→ THE PROBLEM
Repeat only the stretch of lines below that runs from the line with "x_n, y_n -> oo, while" through the line with "Lemma Rabs_lim_le (u", unaltered.
Top of ENTRIES SUPPLIED
(* Let $\theta_1,\theta_2,\dots$ be real numbers with $\theta_n\to\theta$ as $n\to\infty$, and define $\Lambda$ on $[1,\infty)$ by $\Lambda\bigl(\frac1{1-s}\bigr)=\exp\sum_{j\ge1}\frac{\theta_j-\theta}{j}s^j$ for $0\le s<1$. Let $(x_n)$, $(y_n)$ be sequences in $[1,\infty)$ with $x_n\to\infty$, $y_n\to\infty$, and suppose there is a constant $C>1$ with $\frac1C\le\frac{x_n}{y_n}\le C$ for all $n$. Then $\displaystyle\lim_{n\to\infty}\frac{\Lambda(x_n)}{\Lambda(y_n)}=1$. *)

From Stdlib Require Import Reals.
Open Scope R_scope.

(* The j-th term (j >= 1, encoded as j = S k) of the series
   sum_{j>=1} (theta_j - theta)/j * s^j. *)
Definition lam_term (theta : nat -> R) (thinf s : R) (k : nat) : R :=
  (theta (S k) - thinf) / INR (S k) * s ^ (S k).

Definition is_Lambda (theta : nat -> R) (thinf : R) (Lam : R -> R) : Prop :=
  forall s L, 0 <= s < 1 ->
    infinite_sum (lam_term theta thinf s) L ->
    Lam (1 / (1 - s)) = exp L.

(* With x = 1/(1-s), log Lambda(x) is the power series
   sum_k (theta_(k+1) - theta)/(k+1) s^(k+1).  For s, t <= m < 1 one has
   |s^(k+1) - t^(k+1)| <= (k+1) |s - t| m^k, so if |theta_j - theta| <= e for
   j >= N the difference of the logarithms at s and t is at most
   |s - t| (N sup_j |theta_j - theta| + e/(1 - m)).  Take s = 1 - 1/x_n,
   t = 1 - 1/y_n and 1 - m = min(1/x_n, 1/y_n): the first term tends to 0 as
   x_n, y_n -> oo, while the comparability of x_n and y_n gives
   |s - t| <= (C - 1)(1 - m), so the second term is at most e (C - 1). *)

From Stdlib Require Import Reals Lra Lia Psatz.
From Coquelicot Require Import Coquelicot.
Open Scope R_scope.

Lemma Rabs_lim_le (u : nat -> R) (l B : R) :
  Un_cv u l -> (forall n, Rabs (u n) <= B) -> Rabs l <= B.
Proof.
  intros Hu HB.
  apply (Rle_cv_lim HB (cv_cvabs _ _ Hu)).
  intros eps Heps; exists 0%nat; intros n _.
  unfold Rdist; rewrite Rminus_diag, Rabs_R0; exact Heps.
Qed.

Lemma pow_succ_sub_bound (s t m : R) (k : nat) :
  0 <= s <= m -> 0 <= t <= m ->
  Rabs (s ^ S k - t ^ S k) <= INR (S k) * Rabs (s - t) * m ^ k.
Proof.
  intros Hs Ht; induction k as [|k IH].
  - simpl; rewrite !Rmult_1_r; lra.
  - replace (s ^ S (S k) - t ^ S (S k))
      with (s * (s ^ S k - t ^ S k) + t ^ S k * (s - t)) by (simpl; ring).
    eapply Rle_trans; [apply Rabs_triang|].
    rewrite !Rabs_mult, (Rabs_right s), (Rabs_right (t ^ S k)) by (apply Rle_ge; try apply pow_le; lra).
    assert (Htk : t ^ S k <= m * m ^ k) by (apply (pow_incr t m (S k)); lra).
    assert (Hmk : 0 <= m ^ k) by (apply pow_le; lra).
    pose proof (Rabs_pos (s - t)); pose proof (Rabs_pos (s ^ S k - t ^ S k)).
    assert (s * Rabs (s ^ S k - t ^ S k) <= m * (INR (S k) * Rabs (s - t) * m ^ k))
      by (apply Rmult_le_compat; lra).
    assert (t ^ S k * Rabs (s - t) <= m * m ^ k * Rabs (s - t))
      by (apply Rmult_le_compat_r; lra).
    rewrite S_INR; change (m ^ S k) with (m * m ^ k); nra.
Qed.

Lemma sum_lt_indicator (N : nat) (M : R) (K : nat) :
  sum_f_R0 (fun k => if (k <? N)%nat then M else 0) K = INR (Nat.min (S K) N) * M.
Proof.
  induction K as [|K IH]; simpl sum_f_R0.
  - destruct (Nat.ltb_spec 0 N); [replace (Nat.min 1 N) with 1%nat by lia
                          | replace (Nat.min 1 N) with 0%nat by lia]; simpl; ring.
  - rewrite IH; destruct (Nat.ltb_spec (S K) N).
    + replace (Nat.min (S (S K)) N) with (S (S K)) by lia.
      replace (Nat.min (S K) N) with (S K) by lia.
      rewrite (S_INR (S K)); ring.
    + replace (Nat.min (S (S K)) N) with N by lia.
      replace (Nat.min (S K) N) with N by lia; ring.
Qed.

Lemma sum_weighted_geom_le (b : nat -> R) (M e m : R) (N K : nat) :
  0 <= M -> 0 <= e -> 0 <= m < 1 ->
  (forall k, b k <= M) -> (forall k, (N <= k)%nat -> b k <= e) ->
  sum_f_R0 (fun k => b k * m ^ k) K <= INR N * M + e / (1 - m).
Proof.
  intros HM He Hm HbM Hbe.
  assert (Hpow : forall k, 0 <= m ^ k <= 1).
  { intros k; split; [apply pow_le; lra|rewrite <- (pow1 k); apply pow_incr; lra]. }
  apply Rle_trans with
    (sum_f_R0 (fun k => (if (k <? N)%nat then M else 0) + e * m ^ k) K).
  { apply sum_Rle; intros k _; pose proof (Hpow k); pose proof (HbM k).
    destruct (Nat.ltb_spec k N) as [Hk|Hk].
    - destruct (Rle_lt_dec 0 (b k)).
      + assert (b k * m ^ k <= M * 1) by (apply Rmult_le_compat; lra). nra.
      + nra.
    - assert (b k * m ^ k <= e * m ^ k) by (apply Rmult_le_compat_r; [|apply Hbe; lia]; lra).
      lra. }
  rewrite sum_plus, sum_lt_indicator.
  assert (INR (Nat.min (S K) N) <= INR N) by (apply le_INR; lia).
  assert (sum_f_R0 (fun k => e * m ^ k) K <= e / (1 - m)).
  { replace (sum_f_R0 (fun k => e * m ^ k) K) with (e * sum_f_R0 (fun k => m ^ k) K)
      by (rewrite scal_sum; apply sum_eq; intros; ring).
    rewrite tech3 by lra.
    pose proof (pow_le m (S K) ltac:(lra)).
    unfold Rdiv; apply Rmult_le_compat_l; [lra|].
    rewrite <- (Rmult_1_l (/ (1 - m))) at 2.
    apply Rmult_le_compat_r; [left; apply Rinv_0_lt_compat|]; lra. }
  nra.
Qed.

Lemma inv_sub_le_ratio (x y C : R) :
  0 < x -> 0 < y -> 0 < C -> / C <= x / y <= C ->
  Rabs (/ x - / y) <= (C - 1) * Rmin (/ x) (/ y).
Proof.
  intros Hx Hy HC [Hlo Hhi].
  assert (Hyx : y <= C * x).
  { apply (Rmult_le_reg_r (/ (C * y))); [apply Rinv_0_lt_compat; nra|].
    replace (y * / (C * y)) with (/ C) by (field; lra).
    replace (C * x * / (C * y)) with (x / y) by (field; lra). exact Hlo. }
  assert (Hxy : x <= C * y).
  { apply (Rmult_le_reg_r (/ y)); [apply Rinv_0_lt_compat; lra|].
    replace (C * y * / y) with C by (field; lra). exact Hhi. }
  replace (/ x - / y) with ((y - x) / (x * y)) by (field; lra).
  assert (Hxy0 : 0 < x * y) by nra.
  unfold Rmin; destruct (Rle_dec (/ x) (/ y)) as [Hle|Hlt].
  - replace ((C - 1) * / x) with ((C - 1) * y / (x * y)) by (field; lra).
    unfold Rdiv; rewrite Rabs_mult, (Rabs_right (/ (x * y))) by (left; apply Rinv_0_lt_compat; lra).
    apply Rmult_le_compat_r; [left; apply Rinv_0_lt_compat; lra|].
    apply Rabs_le; split; nra.
  - replace ((C - 1) * / y) with ((C - 1) * x / (x * y)) by (field; lra).
    unfold Rdiv; rewrite Rabs_mult, (Rabs_right (/ (x * y))) by (left; apply Rinv_0_lt_compat; lra).
    apply Rmult_le_compat_r; [left; apply Rinv_0_lt_compat; lra|].
    apply Rabs_le; split; nra.
Qed.

Lemma cv_dist_bounded (u : nat -> R) (l : R) :
  Un_cv u l -> exists M, forall n, Rabs (u n - l) <= M.
Proof.
  intros Hu; destruct (maj_by_pos u (exist _ l Hu)) as [B [_ HB]].
  exists (B + Rabs l); intros n.
  unfold Rminus; eapply Rle_trans; [apply Rabs_triang|].
  rewrite Rabs_Ropp; pose proof (HB n); lra.
Qed.

(* Coquelicot's [Series] is [0] on divergent series; [lam_log] is only used for
   [0 <= s < 1], where the series converges. *)
Definition lam_log (theta : nat -> R) (thinf s : R) : R :=
  Series (lam_term theta thinf s).

Section LambdaLog.

Variables (theta : nat -> R) (thinf M : R).
Hypothesis theta_bounded : forall k, Rabs (theta k - thinf) <= M.

Lemma infinite_sum_lam_log (s : R) :
  0 <= s < 1 -> infinite_sum (lam_term theta thinf s) (lam_log theta thinf s).
Proof.
  intros Hs; apply is_series_Reals, Series_correct.
  apply (@ex_series_le R_AbsRing R_CompleteNormedModule _ (fun k => scal M (s ^ k))).
  2: { apply (@ex_series_scal_l R_AbsRing R_NormedModule), ex_series_geom; rewrite Rabs_right; lra. }
  intros k; change (Rabs (lam_term theta thinf s k) <= M * s ^ k).
  unfold lam_term, Rdiv; rewrite !Rabs_mult.
  assert (Hk : 1 <= INR (S k)) by (rewrite S_INR; pose proof (pos_INR k); lra).
  rewrite Rabs_inv, (Rabs_right (INR (S k))), (Rabs_right (s ^ S k))
    by (apply Rle_ge; try apply pow_le; lra).
  assert (Hinv : 0 < / INR (S k) <= 1).
  { split; [apply Rinv_0_lt_compat; lra|rewrite <- Rinv_1; apply Rinv_le_contravar; lra]. }
  assert (Hsk : s ^ S k <= s ^ k) by (simpl; pose proof (pow_le s k); nra).
  pose proof (pow_le s (S k)); pose proof (theta_bounded (S k)); pose proof (Rabs_pos (theta (S k) - thinf)).
  apply Rmult_le_compat; nra.
Qed.

Lemma lam_term_sub_bound (s t m : R) (k : nat) :
  0 <= s <= m -> 0 <= t <= m ->
  Rabs (lam_term theta thinf s k - lam_term theta thinf t k)
    <= Rabs (theta (S k) - thinf) * m ^ k * Rabs (s - t).
Proof.
  intros Hs Ht; unfold lam_term.
  assert (Hk : 0 < INR (S k)) by (apply lt_0_INR; lia).
  replace ((theta (S k) - thinf) / INR (S k) * s ^ S k
           - (theta (S k) - thinf) / INR (S k) * t ^ S k)
    with ((theta (S k) - thinf) * / INR (S k) * (s ^ S k - t ^ S k)) by (field; lra).
  rewrite !Rabs_mult, Rabs_inv, (Rabs_right (INR (S k))) by lra.
  pose proof (pow_succ_sub_bound s t m k Hs Ht).
  pose proof (Rabs_pos (theta (S k) - thinf)).
  replace (Rabs (theta (S k) - thinf) * m ^ k * Rabs (s - t))
    with (Rabs (theta (S k) - thinf) * / INR (S k) * (INR (S k) * Rabs (s - t) * m ^ k))
    by (field; lra).
  apply Rmult_le_compat_l; [apply Rmult_le_pos; [lra|left; apply Rinv_0_lt_compat; lra]|assumption].
Qed.

Lemma lam_log_sub_bound (e m s t : R) (N : nat) :
  0 <= M -> 0 <= e -> 0 <= s <= m -> 0 <= t <= m -> m < 1 ->
  (forall k, (N <= k)%nat -> Rabs (theta k - thinf) <= e) ->
  Rabs (lam_log theta thinf s - lam_log theta thinf t)
    <= Rabs (s - t) * (INR N * M + e / (1 - m)).
Proof.
  intros HM He Hs Ht Hm Htail.
  apply (Rabs_lim_le _ _ _
    (CV_minus _ _ _ _ (infinite_sum_lam_log s ltac:(lra)) (infinite_sum_lam_log t ltac:(lra)))).
  intros K; cbv beta; rewrite <- minus_sum.
  eapply Rle_trans; [apply Rsum_abs|].
  eapply Rle_trans; [apply sum_Rle; intros k _; apply (lam_term_sub_bound s t m k Hs Ht)|].
  rewrite <- scal_sum.
  apply Rmult_le_compat_l; [apply Rabs_pos|].
  apply sum_weighted_geom_le; try lra.
  - intros k; apply theta_bounded.
  - intros k Hk; apply Htail; lia.
Qed.

Lemma Lambda_eq_exp_lam_log (Lam : R -> R) (x : R) :
  is_Lambda theta thinf Lam -> 1 <= x ->
  Lam x = exp (lam_log theta thinf (1 - / x)).
Proof.
  intros HLam Hx.
  assert (Hinv : 0 < / x <= 1).
  { split; [apply Rinv_0_lt_compat; lra|rewrite <- Rinv_1; apply Rinv_le_contravar; lra]. }
  replace x with (1 / (1 - (1 - / x))) at 1 by (field; lra).
  apply HLam; [lra|apply infinite_sum_lam_log; lra].
Qed.

End LambdaLog.

Lemma lam_log_sub_cv0 (theta : nat -> R) (thinf : R) (x y : nat -> R) (C : R) :
  Un_cv theta thinf ->
  (forall n, 1 <= x n) -> (forall n, 1 <= y n) ->
  cv_infty x -> cv_infty y ->
  0 < C -> (forall n, / C <= x n / y n <= C) ->
  Un_cv (fun n => lam_log theta thinf (1 - / x n) - lam_log theta thinf (1 - / y n)) 0.
Proof.
  intros Hth Hx Hy Hcx Hcy HC Hr eps Heps.
  destruct (cv_dist_bounded _ _ Hth) as [M HM].
  assert (HM0 : 0 <= M) by (eapply Rle_trans; [apply Rabs_pos|apply (HM 0%nat)]).
  set (e := eps / (2 * C)).
  assert (He : 0 < e) by (unfold e; apply Rdiv_lt_0_compat; lra).
  destruct (Hth e He) as [N0 HN0].
  assert (Hinv := CV_minus _ _ _ _ (cv_infty_cv_0 _ Hcx) (cv_infty_cv_0 _ Hcy)).
  rewrite Rminus_0_r in Hinv.
  set (K := INR N0 * M + 1).
  assert (HK : 0 < K) by (unfold K; pose proof (pos_INR N0); nra).
  destruct (Hinv (eps / (2 * K))) as [N1 HN1]; [apply Rdiv_lt_0_compat; lra|].
  exists N1; intros n Hn; specialize (HN1 n Hn).
  unfold Rdist in *; rewrite Rminus_0_r in *.
  pose proof (Hx n); pose proof (Hy n).
  set (u := / x n) in *; set (v := / y n) in *.
  assert (Hu : 0 < u <= 1).
  { split; [apply Rinv_0_lt_compat; lra|rewrite <- Rinv_1; apply Rinv_le_contravar; lra]. }
  assert (Hv : 0 < v <= 1).
  { split; [apply Rinv_0_lt_compat; lra|rewrite <- Rinv_1; apply Rinv_le_contravar; lra]. }
  set (r := Rmin u v).
  assert (Hr0 : 0 < r) by (apply Rmin_glb_lt; lra).
  assert (Hru : r <= u) by apply Rmin_l.
  assert (Hrv : r <= v) by apply Rmin_r.
  assert (Hratio : Rabs (u - v) <= (C - 1) * r)
    by (apply inv_sub_le_ratio; [lra|lra|lra|apply Hr]).
  eapply Rle_lt_trans.
  { apply (lam_log_sub_bound theta thinf M HM e (1 - r) (1 - u) (1 - v) N0); try lra.
    intros k Hk; left; apply HN0; exact Hk. }
  replace (1 - u - (1 - v)) with (- (u - v)) by ring; rewrite Rabs_Ropp.
  replace (1 - (1 - r)) with r by ring.
  replace (Rabs (u - v) * (INR N0 * M + e / r))
    with (Rabs (u - v) * (INR N0 * M) + e * (Rabs (u - v) / r)) by (field; lra).
  assert (Hq : Rabs (u - v) / r <= C - 1).
  { apply (Rmult_le_reg_r r); [lra|].
    replace (Rabs (u - v) / r * r) with (Rabs (u - v)) by (field; lra); lra. }
  assert (Hhead : Rabs (u - v) * (INR N0 * M) < eps / 2).
  { pose proof (Rabs_pos (u - v)).
    apply Rle_lt_trans with (Rabs (u - v) * K); [apply Rmult_le_compat_l; unfold K; lra|].
    replace (eps / 2) with (eps / (2 * K) * K) by (field; lra).
    apply Rmult_lt_compat_r; lra. }
  assert (Htail : e * (Rabs (u - v) / r) < eps / 2).
  { apply Rle_lt_trans with (e * (C - 1)); [apply Rmult_le_compat_l; lra|].
    replace (eps / 2) with (e * C) by (unfold e; field; lra).
    apply Rmult_lt_compat_l; lra. }
  lra.
Qed.

Theorem lemma6p2 (theta : nat -> R) (thinf : R) (Lam : R -> R)
  (x y : nat -> R) (C : R) :
  Un_cv theta thinf ->
  is_Lambda theta thinf Lam ->
  (forall n, 1 <= x n) -> (forall n, 1 <= y n) ->
  cv_infty x -> cv_infty y ->
  1 < C ->
  (forall n, / C <= x n / y n <= C) ->
  Un_cv (fun n => Lam (x n) / Lam (y n)) 1.
Proof.
  intros Hth HLam Hx Hy Hcx Hcy HC Hr.
  destruct (cv_dist_bounded _ _ Hth) as [M HM].
  assert (Hexp := continuity_seq exp _ 0
    (derivable_continuous_pt _ _ (derivable_pt_exp 0))
    (lam_log_sub_cv0 theta thinf x y C Hth Hx Hy Hcx Hcy ltac:(lra) Hr)).
  rewrite exp_0 in Hexp.
  intros eps Heps; destruct (Hexp eps Heps) as [N HN]; exists N; intros n Hn.
  rewrite (Lambda_eq_exp_lam_log theta thinf M HM Lam (x n) HLam (Hx n)),
          (Lambda_eq_exp_lam_log theta thinf M HM Lam (y n) HLam (Hy n)).
  unfold Rdiv; rewrite <- exp_Ropp, <- exp_plus; apply HN, Hn.
Qed.
Definition fam3 (m : nat) (sigma : {set 'I_m}) (a b : {set 'I_m.+1}) : Prop :=
  exists j : 'I_m, [/\ j \in sigma, a = [set ord_max] & b = [set wd j]].

(* Over F_2, evaluation at indicator vectors of subsets turns the algebra into
   combinatorics: [pm a b] lies in [J_D] iff no codeword [c] of [D] satisfies
   [a ⊆ c] and [b ∩ c = ∅], and [pm a' b'] divides [pm a b] iff [a' ⊆ a] and
   [b' ⊆ b].  So [CF(J_D)] consists of the inclusion-minimal such pairs.  For a
   piercing, the codewords of [C] without [n] are the codewords of [C \ n], and
   those with [n] are the [n ∪ γ] with [γ ∈ [σ, τ]].  A minimal pair with
   [n ∉ a] is therefore a minimal pair of [C \ n]; a minimal pair with [n ∈ a]
   contains [x_n x_i] with [i ∉ τ] or [x_n (1 - x_j)] with [j ∈ σ], and then
   equals it: otherwise the codeword [n ∪ σ ∪ a] would lie in its box. *)

From HB Require Import structures.
From mathcomp Require Import all_boot all_order all_algebra.
From mathcomp Require Import mpoly.

Set Implicit Arguments. Unset Strict Implicit. Unset Printing Implicit Defensive.
Import GRing.Theory.
Local Open Scope ring_scope.

Section PseudoMonomials.
Variable m : nat.
Implicit Types (a b c g v : {set 'I_m}) (D : {set {set 'I_m}}).

Lemma pm_prod a b : [disjoint a & b] ->
  pm a b = \prod_i (if i \in a then 'X_i else if i \in b then 1 - 'X_i else 1).
Proof.
move=> dab; rewrite /pm (big_mkcond (mem a)) (big_mkcond (mem b)) -big_split.
apply: eq_bigr => i _ /=; case: ifP => ia; last by rewrite mul1r.
by rewrite (disjointFr dab ia) mulr1.
Qed.
Lemma dominated_step : complete_field R -> exists a', dominated_upto k.+1 a'.
Proof.
move=> R_complete; have supp0 : supp_lt k 0 by move=> j _; rewrite mxE.
pose S r := exists t c, supp_lt k c /\ r = t * p u + rdot c a - p (t *: u + c - ek).
have [s [s_ub s_least]] : exists s, is_lub S s.
  apply: R_complete; first by exists (0 * p u + rdot 0 a - p (0 *: u + 0 - ek)), 0, 0.
  exists (p (0 *: u + 0 + ek) - (0 * p u + rdot 0 a)) => r [t [c [sc ->]]].
  exact: dominated_sandwich.
exists (a + (s - a 0 (Ordinal hk)) *: ek); apply: dominated_extend.
  by move=> t c sc; apply: s_ub; exists t, c.
by move=> t c sc; apply: s_least => r [t' [c' [sc' ->]]]; exact: dominated_sandwich.
Qed.

End Step.

Lemma hahn_banach_rV : complete_field R ->
  exists a, (forall x, rdot x a <= p x) /\ rdot u a = p u.
Proof.
move=> R_complete; have [a a_dom] : exists a, dominated_upto N a.
  suff: forall k, (k <= N)%N -> exists a, dominated_upto k a by apply.
  elim=> [_|k IH hk]; first by exists 0; exact: dominated_upto0.
  by have [a ha] := IH (ltnW hk); exact: dominated_step ha R_complete.
have suppN c : supp_lt N c by move=> j; rewrite leqNgt ltn_ord.
exists a; split=> [x|].
  by have := a_dom 0 _ (suppN x); rewrite mul0r add0r scale0r add0r.
have := a_dom 1 _ (suppN (- u)); rewrite scale1r mul1r subrr sublinear0 rdotNl.
have := a_dom (-1) _ (suppN u); rewrite scaleN1r mulN1r addNr sublinear0.
lra.
Qed.

End HahnBanach.

Section Completeness.
Variable R : realFieldType.
Hypothesis R_complete : complete_field R.

Lemma complete_glb (S : R -> Prop) :
  (exists x, S x) -> (exists w, forall x, S x -> w <= x) -> exists r, is_glb S r.
Proof.
move=> [x Sx] [w hw].
have [s [s_ub s_least]] : exists s, is_lub (fun r => S (- r)) s.
  apply: R_complete; first by exists (- x); rewrite opprK.
  by exists (- w) => r Sr; rewrite lerNr; apply: hw.
exists (- s); split=> [y Sy|v hv]; first by rewrite lerNl; apply: s_ub; rewrite opprK.
by rewrite lerNr; apply: s_least => r Sr; rewrite lerNr; exact: hv.
Qed.

Lemma infx_supx_of_alternative (P D : R -> Prop) :
  (exists z, D z) -> (forall z v, D z -> P v -> z <= v) ->
  (forall z, D z \/ exists2 v, P v & v <= z) ->
  exists v, v <> XNInf R /\ is_infx P v /\ is_supx D v.
Proof.
move=> [z0 Dz0] weak alt.
have [[v0 Pv0]|P0] := classic (exists v, P v); last first.
  exists (XPInf R); split=> //; split=> [v Pv|w]; first by apply: P0; exists v.
  by case: (alt (w + 1)) => [Dw|[v Pv _]]; [exists (w + 1); split=> //; lra|case: P0; exists v].
have [r [r_lb r_glb]] : exists r, is_glb P r.
  by apply: complete_glb => //; [exists v0|exists z0 => v; apply: weak].
exists (XFin r); split=> //; split; first by split.
split=> [z Dz|w w_ub]; first by apply: r_glb => v; apply: weak.
rewrite leNgt; apply/negP => w_lt_r.
case: (alt ((w + r) / 2%:R)) => [/w_ub|[v /r_lb]]; lra.
Qed.

End Completeness.

Section OrderUnitCone.
Variables (R : realFieldType) (N : nat) (Q : 'rV[R]_N -> Prop) (e : 'rV[R]_N).
Hypothesis R_complete : complete_field R.
Hypothesis Q0 : Q 0.
Hypothesis QD : forall x y, Q x -> Q y -> Q (x + y).
Hypothesis QZ : forall s x, 0 <= s -> Q x -> Q (s *: x).
Hypothesis Qe : Q e.
Hypothesis order_unit : forall x, exists s, Q (s *: e - x).

Lemma cone_full : Q (- e) -> forall x, Q x.
Proof.
move=> Qne x; have [s Qs] := order_unit (- x); have [s0|/ltW s0] := leP 0 s.
  have -> : x = (s *: e - - x) + s *: (- e) by apply/matrixP => i j; rewrite !mxE /=; ring.
  by apply: QD => //; apply: QZ.
have -> : x = (s *: e - - x) + (- s) *: e by apply/matrixP => i j; rewrite !mxE /=; ring.
by apply: QD => //; apply: QZ; rewrite ?oppr_ge0.
Qed.

Section Gauge.
Hypothesis proper : ~ Q (- e).

Lemma cone_scale_e_ge0 s : Q (s *: e) -> 0 <= s.
Proof.
move=> Qs; apply: contraT; rewrite -ltNge => s0; exfalso; apply: proper.
have -> : - e = (- s)^-1 *: (s *: e).
  by apply/matrixP => i j; rewrite !mxE /=; field; rewrite lt_eqF.
by apply: QZ => //; rewrite invr_ge0 oppr_ge0 ltW.
Qed.

Let above x s := Q (s *: e - x).

Definition gauge x := epsilon (inhabits 0) (is_glb (above x)).

Lemma gauge_glb x : is_glb (above x) (gauge x).
Proof.
apply: epsilon_spec; apply: (complete_glb R_complete).
  by have [s hs] := order_unit x; exists s.
have [s' hs'] := order_unit (- x); exists (- s') => s hs; rewrite -subr_ge0 opprK.
apply: cone_scale_e_ge0; have -> : (s + s') *: e = (s *: e - x) + (s' *: e - - x).
  by apply/matrixP => i j; rewrite !mxE /=; ring.
exact: QD.
Qed.

Lemma gauge_le x s : Q (s *: e - x) -> gauge x <= s.
Proof. exact: (gauge_glb x).1. Qed.

Lemma gauge_ge x w : (forall s, Q (s *: e - x) -> w <= s) -> w <= gauge x.
Proof. exact: (gauge_glb x).2. Qed.

Lemma gauge_subadd x y : gauge (x + y) <= gauge x + gauge y.
Proof.
rewrite -lerBlDr; apply: gauge_ge => s hs; rewrite lerBlDl -lerBlDr.
apply: gauge_ge => s' hs'; rewrite lerBlDl; apply: gauge_le.
have -> : (s + s') *: e - (x + y) = (s *: e - x) + (s' *: e - y).
  by apply/matrixP => i j; rewrite !mxE /=; ring.
exact: QD.
Qed.

Lemma gauge_homog s x : 0 <= s -> gauge (s *: x) = s * gauge x.
Proof.
rewrite le_eqVlt => /orP[/eqP<-|s0].
  rewrite scale0r mul0r; apply/eqP; rewrite eq_le; apply/andP; split.
    by apply: gauge_le; rewrite scale0r subr0.
  by apply: gauge_ge => r; rewrite subr0; exact: cone_scale_e_ge0.
apply/eqP; rewrite eq_le; apply/andP; split.
  rewrite -ler_pdivrMl //; apply: gauge_ge => r hr; rewrite ler_pdivrMl //.
  apply: gauge_le; have -> : (s * r) *: e - s *: x = s *: (r *: e - x).
    by apply/matrixP => i j; rewrite !mxE /=; ring.
  by apply: QZ => //; rewrite ltW.
apply: gauge_ge => r hr; rewrite -ler_pdivlMl //; apply: gauge_le.
have -> : (s^-1 * r) *: e - x = s^-1 *: (r *: e - s *: x).
  by apply/matrixP => i j; rewrite !mxE /=; field; rewrite gt_eqF.
by apply: QZ => //; rewrite invr_ge0 ltW.
Qed.

Lemma gauge_opp_ge0 h : ~ Q h -> 0 <= gauge (- h).
Proof.
move=> nQh; apply: gauge_ge => s hs; rewrite leNgt; apply/negP => s0; apply: nQh.
have -> : h = (s *: e - - h) + (- s) *: e by apply/matrixP => i j; rewrite !mxE /=; ring.
by apply: QD => //; apply: QZ; rewrite ?oppr_ge0 ?ltW.
Qed.

End Gauge.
Bottom of ENTRIES SUPPLIED
→ TASK SOLUTION
   x_n, y_n -> oo, while the comparability of x_n and y_n gives
   |s - t| <= (C - 1)(1 - m), so the second term is at most e (C - 1). *)

From Stdlib Require Import Reals Lra Lia Psatz.
From Coquelicot Require Import Coquelicot.
Open Scope R_scope.

Lemma Rabs_lim_le (u : nat -> R) (l B : R) :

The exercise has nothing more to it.